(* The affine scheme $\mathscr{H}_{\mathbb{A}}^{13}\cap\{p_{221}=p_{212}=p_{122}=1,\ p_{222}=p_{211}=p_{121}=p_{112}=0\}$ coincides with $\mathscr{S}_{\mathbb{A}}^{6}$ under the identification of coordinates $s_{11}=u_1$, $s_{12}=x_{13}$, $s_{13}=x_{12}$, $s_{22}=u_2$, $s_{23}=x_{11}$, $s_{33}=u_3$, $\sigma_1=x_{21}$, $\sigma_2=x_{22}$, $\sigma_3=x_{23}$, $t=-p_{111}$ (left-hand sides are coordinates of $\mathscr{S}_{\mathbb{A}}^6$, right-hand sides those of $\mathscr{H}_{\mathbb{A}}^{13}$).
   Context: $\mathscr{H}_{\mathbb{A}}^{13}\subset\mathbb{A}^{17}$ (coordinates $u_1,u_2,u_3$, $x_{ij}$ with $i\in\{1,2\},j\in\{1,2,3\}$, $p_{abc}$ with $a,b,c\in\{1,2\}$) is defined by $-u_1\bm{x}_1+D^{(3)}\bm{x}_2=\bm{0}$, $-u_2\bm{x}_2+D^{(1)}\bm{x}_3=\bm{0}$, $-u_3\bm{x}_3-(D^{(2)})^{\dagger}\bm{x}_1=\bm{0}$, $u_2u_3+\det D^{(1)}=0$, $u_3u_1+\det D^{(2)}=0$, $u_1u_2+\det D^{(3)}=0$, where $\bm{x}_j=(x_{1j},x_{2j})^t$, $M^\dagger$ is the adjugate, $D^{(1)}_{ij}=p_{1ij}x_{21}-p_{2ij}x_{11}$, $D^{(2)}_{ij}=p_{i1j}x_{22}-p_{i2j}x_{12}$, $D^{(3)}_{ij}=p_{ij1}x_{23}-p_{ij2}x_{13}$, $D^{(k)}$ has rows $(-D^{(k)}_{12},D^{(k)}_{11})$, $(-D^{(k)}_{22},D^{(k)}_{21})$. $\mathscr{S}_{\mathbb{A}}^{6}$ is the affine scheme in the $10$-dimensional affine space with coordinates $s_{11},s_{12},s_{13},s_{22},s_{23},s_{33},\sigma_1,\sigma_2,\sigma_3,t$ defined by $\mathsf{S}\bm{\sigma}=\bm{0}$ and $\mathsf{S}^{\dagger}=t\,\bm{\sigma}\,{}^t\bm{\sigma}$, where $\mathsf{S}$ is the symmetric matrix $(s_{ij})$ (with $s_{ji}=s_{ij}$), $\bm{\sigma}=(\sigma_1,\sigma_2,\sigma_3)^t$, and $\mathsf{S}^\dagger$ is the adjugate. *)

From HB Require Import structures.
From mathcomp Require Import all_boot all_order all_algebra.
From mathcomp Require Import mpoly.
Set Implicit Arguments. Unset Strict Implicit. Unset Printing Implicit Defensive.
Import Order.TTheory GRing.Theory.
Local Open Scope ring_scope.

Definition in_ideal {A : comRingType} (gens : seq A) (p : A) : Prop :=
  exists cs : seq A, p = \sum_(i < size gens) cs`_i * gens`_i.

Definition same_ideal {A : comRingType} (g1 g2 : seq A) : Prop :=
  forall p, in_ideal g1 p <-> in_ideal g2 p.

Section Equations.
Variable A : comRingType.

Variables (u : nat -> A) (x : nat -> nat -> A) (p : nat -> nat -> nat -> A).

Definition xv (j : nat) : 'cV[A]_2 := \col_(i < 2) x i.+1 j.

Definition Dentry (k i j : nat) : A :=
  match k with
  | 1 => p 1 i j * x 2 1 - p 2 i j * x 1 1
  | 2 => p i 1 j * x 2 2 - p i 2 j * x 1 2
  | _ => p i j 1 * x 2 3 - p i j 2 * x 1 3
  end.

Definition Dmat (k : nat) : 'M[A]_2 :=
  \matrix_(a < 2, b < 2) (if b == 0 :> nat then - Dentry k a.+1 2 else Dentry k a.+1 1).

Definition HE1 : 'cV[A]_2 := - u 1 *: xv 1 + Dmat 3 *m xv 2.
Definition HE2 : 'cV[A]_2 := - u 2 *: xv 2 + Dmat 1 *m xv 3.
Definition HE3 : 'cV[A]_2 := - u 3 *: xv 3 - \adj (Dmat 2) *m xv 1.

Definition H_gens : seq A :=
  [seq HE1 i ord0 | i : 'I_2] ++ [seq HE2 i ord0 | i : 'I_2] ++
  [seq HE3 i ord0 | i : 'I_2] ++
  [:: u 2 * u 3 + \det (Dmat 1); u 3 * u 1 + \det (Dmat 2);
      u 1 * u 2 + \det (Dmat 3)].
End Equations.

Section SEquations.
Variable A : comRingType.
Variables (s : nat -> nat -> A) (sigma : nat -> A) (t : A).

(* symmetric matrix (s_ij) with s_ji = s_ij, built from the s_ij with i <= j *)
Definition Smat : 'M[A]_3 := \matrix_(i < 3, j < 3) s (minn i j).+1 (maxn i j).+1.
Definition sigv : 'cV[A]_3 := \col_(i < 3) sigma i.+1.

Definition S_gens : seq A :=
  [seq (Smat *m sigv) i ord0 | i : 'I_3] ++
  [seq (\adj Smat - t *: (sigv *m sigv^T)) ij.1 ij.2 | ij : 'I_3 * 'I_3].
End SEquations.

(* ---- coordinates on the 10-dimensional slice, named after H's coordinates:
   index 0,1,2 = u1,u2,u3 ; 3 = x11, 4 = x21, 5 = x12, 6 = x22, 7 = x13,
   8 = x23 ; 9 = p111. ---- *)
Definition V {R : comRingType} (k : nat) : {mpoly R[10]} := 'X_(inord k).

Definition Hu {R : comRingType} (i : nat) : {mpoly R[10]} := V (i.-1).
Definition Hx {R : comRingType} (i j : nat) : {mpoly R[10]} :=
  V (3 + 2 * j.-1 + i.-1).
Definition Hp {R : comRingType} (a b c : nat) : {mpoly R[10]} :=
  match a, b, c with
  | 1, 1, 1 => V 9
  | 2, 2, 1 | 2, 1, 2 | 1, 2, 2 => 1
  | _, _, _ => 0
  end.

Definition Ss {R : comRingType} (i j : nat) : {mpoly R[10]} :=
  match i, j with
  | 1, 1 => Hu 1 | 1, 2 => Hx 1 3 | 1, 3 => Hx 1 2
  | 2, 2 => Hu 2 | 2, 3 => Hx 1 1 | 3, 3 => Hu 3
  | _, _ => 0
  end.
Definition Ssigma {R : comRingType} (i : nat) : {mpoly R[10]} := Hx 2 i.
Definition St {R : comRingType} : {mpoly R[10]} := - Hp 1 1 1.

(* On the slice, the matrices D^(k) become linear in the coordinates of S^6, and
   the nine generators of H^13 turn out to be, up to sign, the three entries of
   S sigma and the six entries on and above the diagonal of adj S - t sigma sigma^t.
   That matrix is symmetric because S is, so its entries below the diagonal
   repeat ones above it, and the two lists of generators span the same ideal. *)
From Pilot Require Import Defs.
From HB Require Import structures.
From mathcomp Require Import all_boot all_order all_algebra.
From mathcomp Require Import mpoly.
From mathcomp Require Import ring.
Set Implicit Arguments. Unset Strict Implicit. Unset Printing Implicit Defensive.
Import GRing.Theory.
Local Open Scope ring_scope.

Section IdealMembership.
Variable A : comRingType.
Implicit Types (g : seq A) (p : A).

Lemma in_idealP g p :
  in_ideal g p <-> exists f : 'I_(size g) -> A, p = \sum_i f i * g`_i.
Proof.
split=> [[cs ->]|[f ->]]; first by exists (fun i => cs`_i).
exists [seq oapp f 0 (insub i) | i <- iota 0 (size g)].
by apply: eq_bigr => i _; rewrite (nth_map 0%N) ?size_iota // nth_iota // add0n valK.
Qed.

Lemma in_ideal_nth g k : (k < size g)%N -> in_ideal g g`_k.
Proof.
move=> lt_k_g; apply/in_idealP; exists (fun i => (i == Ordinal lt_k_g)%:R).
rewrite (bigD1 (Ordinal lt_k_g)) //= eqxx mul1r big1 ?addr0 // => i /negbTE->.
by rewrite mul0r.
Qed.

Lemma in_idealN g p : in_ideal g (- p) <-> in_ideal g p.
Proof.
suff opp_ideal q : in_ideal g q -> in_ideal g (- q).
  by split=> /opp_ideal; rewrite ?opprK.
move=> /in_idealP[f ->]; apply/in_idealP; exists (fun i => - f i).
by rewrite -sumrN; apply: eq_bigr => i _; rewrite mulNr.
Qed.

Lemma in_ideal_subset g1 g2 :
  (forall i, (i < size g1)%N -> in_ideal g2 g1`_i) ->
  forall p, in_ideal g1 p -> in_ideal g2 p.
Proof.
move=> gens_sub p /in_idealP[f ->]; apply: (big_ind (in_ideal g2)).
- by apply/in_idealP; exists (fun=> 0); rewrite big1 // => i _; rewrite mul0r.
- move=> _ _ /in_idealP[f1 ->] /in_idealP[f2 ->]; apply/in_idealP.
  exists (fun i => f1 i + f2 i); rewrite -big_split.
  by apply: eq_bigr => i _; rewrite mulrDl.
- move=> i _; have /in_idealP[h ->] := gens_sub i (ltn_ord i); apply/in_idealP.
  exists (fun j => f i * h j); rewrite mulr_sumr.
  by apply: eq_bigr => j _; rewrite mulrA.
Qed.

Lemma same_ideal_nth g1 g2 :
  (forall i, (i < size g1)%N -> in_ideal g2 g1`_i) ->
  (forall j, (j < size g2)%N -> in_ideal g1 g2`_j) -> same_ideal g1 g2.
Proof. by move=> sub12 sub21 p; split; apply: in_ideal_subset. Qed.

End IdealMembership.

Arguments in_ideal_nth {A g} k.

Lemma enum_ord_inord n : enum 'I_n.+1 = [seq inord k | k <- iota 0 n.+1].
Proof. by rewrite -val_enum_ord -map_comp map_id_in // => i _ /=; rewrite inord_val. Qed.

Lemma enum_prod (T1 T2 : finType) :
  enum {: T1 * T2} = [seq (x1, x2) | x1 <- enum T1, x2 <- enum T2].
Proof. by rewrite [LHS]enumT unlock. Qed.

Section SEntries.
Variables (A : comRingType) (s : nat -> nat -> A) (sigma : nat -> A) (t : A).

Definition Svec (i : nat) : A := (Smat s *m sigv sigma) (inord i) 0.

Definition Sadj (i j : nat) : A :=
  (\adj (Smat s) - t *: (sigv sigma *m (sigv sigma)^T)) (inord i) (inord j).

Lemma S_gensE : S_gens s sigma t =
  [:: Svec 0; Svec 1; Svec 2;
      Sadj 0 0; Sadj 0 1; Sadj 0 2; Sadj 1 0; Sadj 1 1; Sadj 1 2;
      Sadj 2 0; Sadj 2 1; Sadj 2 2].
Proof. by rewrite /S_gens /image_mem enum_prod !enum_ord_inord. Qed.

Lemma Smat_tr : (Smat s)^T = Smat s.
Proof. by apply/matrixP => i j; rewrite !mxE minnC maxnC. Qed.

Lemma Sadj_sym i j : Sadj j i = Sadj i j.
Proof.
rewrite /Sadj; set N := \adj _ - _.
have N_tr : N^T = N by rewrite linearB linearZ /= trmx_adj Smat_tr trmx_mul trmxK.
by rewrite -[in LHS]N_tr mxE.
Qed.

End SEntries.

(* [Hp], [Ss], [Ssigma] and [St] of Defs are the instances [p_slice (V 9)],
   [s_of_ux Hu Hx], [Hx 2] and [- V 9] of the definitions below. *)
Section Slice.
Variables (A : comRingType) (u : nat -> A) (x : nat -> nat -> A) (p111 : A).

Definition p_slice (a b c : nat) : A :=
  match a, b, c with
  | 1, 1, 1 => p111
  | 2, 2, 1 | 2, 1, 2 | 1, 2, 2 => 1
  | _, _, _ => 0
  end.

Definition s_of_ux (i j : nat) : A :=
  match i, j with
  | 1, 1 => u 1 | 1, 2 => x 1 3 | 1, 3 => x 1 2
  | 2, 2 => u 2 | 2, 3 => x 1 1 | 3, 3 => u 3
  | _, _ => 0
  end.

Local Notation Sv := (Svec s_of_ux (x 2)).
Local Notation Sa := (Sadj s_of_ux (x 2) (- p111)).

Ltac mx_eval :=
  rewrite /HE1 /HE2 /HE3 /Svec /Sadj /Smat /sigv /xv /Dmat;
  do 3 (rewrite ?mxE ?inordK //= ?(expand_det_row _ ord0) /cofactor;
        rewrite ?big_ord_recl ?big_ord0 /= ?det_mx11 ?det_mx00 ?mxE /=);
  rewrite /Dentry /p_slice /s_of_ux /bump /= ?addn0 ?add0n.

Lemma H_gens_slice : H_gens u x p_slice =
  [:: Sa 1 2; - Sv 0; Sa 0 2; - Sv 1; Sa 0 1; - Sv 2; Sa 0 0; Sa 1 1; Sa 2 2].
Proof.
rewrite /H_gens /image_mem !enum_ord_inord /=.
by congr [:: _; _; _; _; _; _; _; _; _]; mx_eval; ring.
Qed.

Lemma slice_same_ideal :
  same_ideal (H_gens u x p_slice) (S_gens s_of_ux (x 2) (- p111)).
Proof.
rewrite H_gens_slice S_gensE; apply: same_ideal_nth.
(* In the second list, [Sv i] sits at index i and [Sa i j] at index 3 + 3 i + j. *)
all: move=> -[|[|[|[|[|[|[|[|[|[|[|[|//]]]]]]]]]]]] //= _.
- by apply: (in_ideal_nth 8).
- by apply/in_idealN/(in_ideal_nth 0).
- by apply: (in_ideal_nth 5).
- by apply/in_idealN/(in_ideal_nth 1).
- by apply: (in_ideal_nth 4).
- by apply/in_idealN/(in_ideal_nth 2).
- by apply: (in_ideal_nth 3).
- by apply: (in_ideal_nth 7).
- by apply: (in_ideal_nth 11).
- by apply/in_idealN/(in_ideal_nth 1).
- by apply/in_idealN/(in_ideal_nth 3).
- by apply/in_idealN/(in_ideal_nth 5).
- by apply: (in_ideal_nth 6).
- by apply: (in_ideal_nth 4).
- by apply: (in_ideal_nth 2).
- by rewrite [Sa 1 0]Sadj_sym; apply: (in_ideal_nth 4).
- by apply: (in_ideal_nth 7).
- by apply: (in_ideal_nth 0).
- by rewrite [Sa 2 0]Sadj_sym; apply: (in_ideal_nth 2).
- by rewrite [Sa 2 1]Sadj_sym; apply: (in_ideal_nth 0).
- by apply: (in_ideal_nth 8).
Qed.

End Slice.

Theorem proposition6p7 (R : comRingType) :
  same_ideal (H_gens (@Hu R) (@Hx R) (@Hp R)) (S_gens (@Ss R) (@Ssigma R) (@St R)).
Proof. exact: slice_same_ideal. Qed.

□ □ □

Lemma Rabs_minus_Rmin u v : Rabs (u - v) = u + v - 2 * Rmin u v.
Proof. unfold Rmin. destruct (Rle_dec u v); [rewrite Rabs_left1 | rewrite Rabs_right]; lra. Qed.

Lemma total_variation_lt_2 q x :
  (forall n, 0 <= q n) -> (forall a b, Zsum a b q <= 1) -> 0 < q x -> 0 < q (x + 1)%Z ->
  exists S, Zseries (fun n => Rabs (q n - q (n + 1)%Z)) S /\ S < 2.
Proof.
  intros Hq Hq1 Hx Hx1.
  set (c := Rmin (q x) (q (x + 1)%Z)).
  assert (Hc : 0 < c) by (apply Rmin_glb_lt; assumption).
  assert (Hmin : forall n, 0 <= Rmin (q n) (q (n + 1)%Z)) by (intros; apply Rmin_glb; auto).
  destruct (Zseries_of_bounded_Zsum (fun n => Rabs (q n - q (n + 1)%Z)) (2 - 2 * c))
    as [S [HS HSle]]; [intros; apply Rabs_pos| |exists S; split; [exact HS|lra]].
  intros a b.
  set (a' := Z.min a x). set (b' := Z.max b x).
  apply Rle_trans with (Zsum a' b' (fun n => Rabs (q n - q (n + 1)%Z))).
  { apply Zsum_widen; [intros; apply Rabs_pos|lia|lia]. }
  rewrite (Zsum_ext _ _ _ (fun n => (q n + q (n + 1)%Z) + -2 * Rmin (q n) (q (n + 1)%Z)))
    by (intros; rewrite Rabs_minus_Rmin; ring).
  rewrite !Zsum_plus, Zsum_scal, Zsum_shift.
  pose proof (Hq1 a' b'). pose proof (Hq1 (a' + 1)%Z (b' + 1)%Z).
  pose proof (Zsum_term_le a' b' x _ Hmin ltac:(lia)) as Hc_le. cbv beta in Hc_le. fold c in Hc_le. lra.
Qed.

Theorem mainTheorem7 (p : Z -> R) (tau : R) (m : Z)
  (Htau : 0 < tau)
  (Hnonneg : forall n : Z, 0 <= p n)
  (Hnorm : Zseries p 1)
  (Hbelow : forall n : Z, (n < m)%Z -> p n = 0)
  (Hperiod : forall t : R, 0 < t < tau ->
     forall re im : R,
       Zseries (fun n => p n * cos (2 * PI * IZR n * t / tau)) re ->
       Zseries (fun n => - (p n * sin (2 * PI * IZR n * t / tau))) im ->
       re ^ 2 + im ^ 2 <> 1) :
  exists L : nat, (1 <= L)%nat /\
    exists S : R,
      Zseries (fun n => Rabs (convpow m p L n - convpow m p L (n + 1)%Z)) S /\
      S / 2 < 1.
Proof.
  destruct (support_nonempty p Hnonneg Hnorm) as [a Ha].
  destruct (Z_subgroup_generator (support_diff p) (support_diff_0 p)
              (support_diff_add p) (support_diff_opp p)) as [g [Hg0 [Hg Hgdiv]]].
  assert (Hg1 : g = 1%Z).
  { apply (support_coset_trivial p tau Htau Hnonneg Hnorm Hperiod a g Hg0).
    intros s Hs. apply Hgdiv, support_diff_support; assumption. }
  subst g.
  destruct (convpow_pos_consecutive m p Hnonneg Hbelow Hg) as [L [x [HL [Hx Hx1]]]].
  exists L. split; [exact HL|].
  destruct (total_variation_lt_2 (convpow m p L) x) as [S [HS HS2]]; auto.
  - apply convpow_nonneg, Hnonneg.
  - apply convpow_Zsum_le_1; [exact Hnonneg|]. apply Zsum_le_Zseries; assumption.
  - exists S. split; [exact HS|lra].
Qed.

□ □ □

• [WHAT THE TASK ASKS]: Look above for the line holding "Proof. by apply/matrixP" and the line holding "same_ideal (H_gens u", then output exactly those two lines and every line between them, nothing more.

• [RESPONSE TO THE EXERCISE]:
Proof. by apply/matrixP => i j; rewrite !mxE minnC maxnC. Qed.

Lemma Sadj_sym i j : Sadj j i = Sadj i j.
Proof.
rewrite /Sadj; set N := \adj _ - _.
have N_tr : N^T = N by rewrite linearB linearZ /= trmx_adj Smat_tr trmx_mul trmxK.
by rewrite -[in LHS]N_tr mxE.
Qed.

End SEntries.

(* [Hp], [Ss], [Ssigma] and [St] of Defs are the instances [p_slice (V 9)],
   [s_of_ux Hu Hx], [Hx 2] and [- V 9] of the definitions below. *)
Section Slice.
Variables (A : comRingType) (u : nat -> A) (x : nat -> nat -> A) (p111 : A).

Definition p_slice (a b c : nat) : A :=
  match a, b, c with
  | 1, 1, 1 => p111
  | 2, 2, 1 | 2, 1, 2 | 1, 2, 2 => 1
  | _, _, _ => 0
  end.

Definition s_of_ux (i j : nat) : A :=
  match i, j with
  | 1, 1 => u 1 | 1, 2 => x 1 3 | 1, 3 => x 1 2
  | 2, 2 => u 2 | 2, 3 => x 1 1 | 3, 3 => u 3
  | _, _ => 0
  end.

Local Notation Sv := (Svec s_of_ux (x 2)).
Local Notation Sa := (Sadj s_of_ux (x 2) (- p111)).

Ltac mx_eval :=
  rewrite /HE1 /HE2 /HE3 /Svec /Sadj /Smat /sigv /xv /Dmat;
  do 3 (rewrite ?mxE ?inordK //= ?(expand_det_row _ ord0) /cofactor;
        rewrite ?big_ord_recl ?big_ord0 /= ?det_mx11 ?det_mx00 ?mxE /=);
  rewrite /Dentry /p_slice /s_of_ux /bump /= ?addn0 ?add0n.

Lemma H_gens_slice : H_gens u x p_slice =
  [:: Sa 1 2; - Sv 0; Sa 0 2; - Sv 1; Sa 0 1; - Sv 2; Sa 0 0; Sa 1 1; Sa 2 2].
Proof.
rewrite /H_gens /image_mem !enum_ord_inord /=.
by congr [:: _; _; _; _; _; _; _; _; _]; mx_eval; ring.
Qed.

Lemma slice_same_ideal :
  same_ideal (H_gens u x p_slice) (S_gens s_of_ux (x 2) (- p111)).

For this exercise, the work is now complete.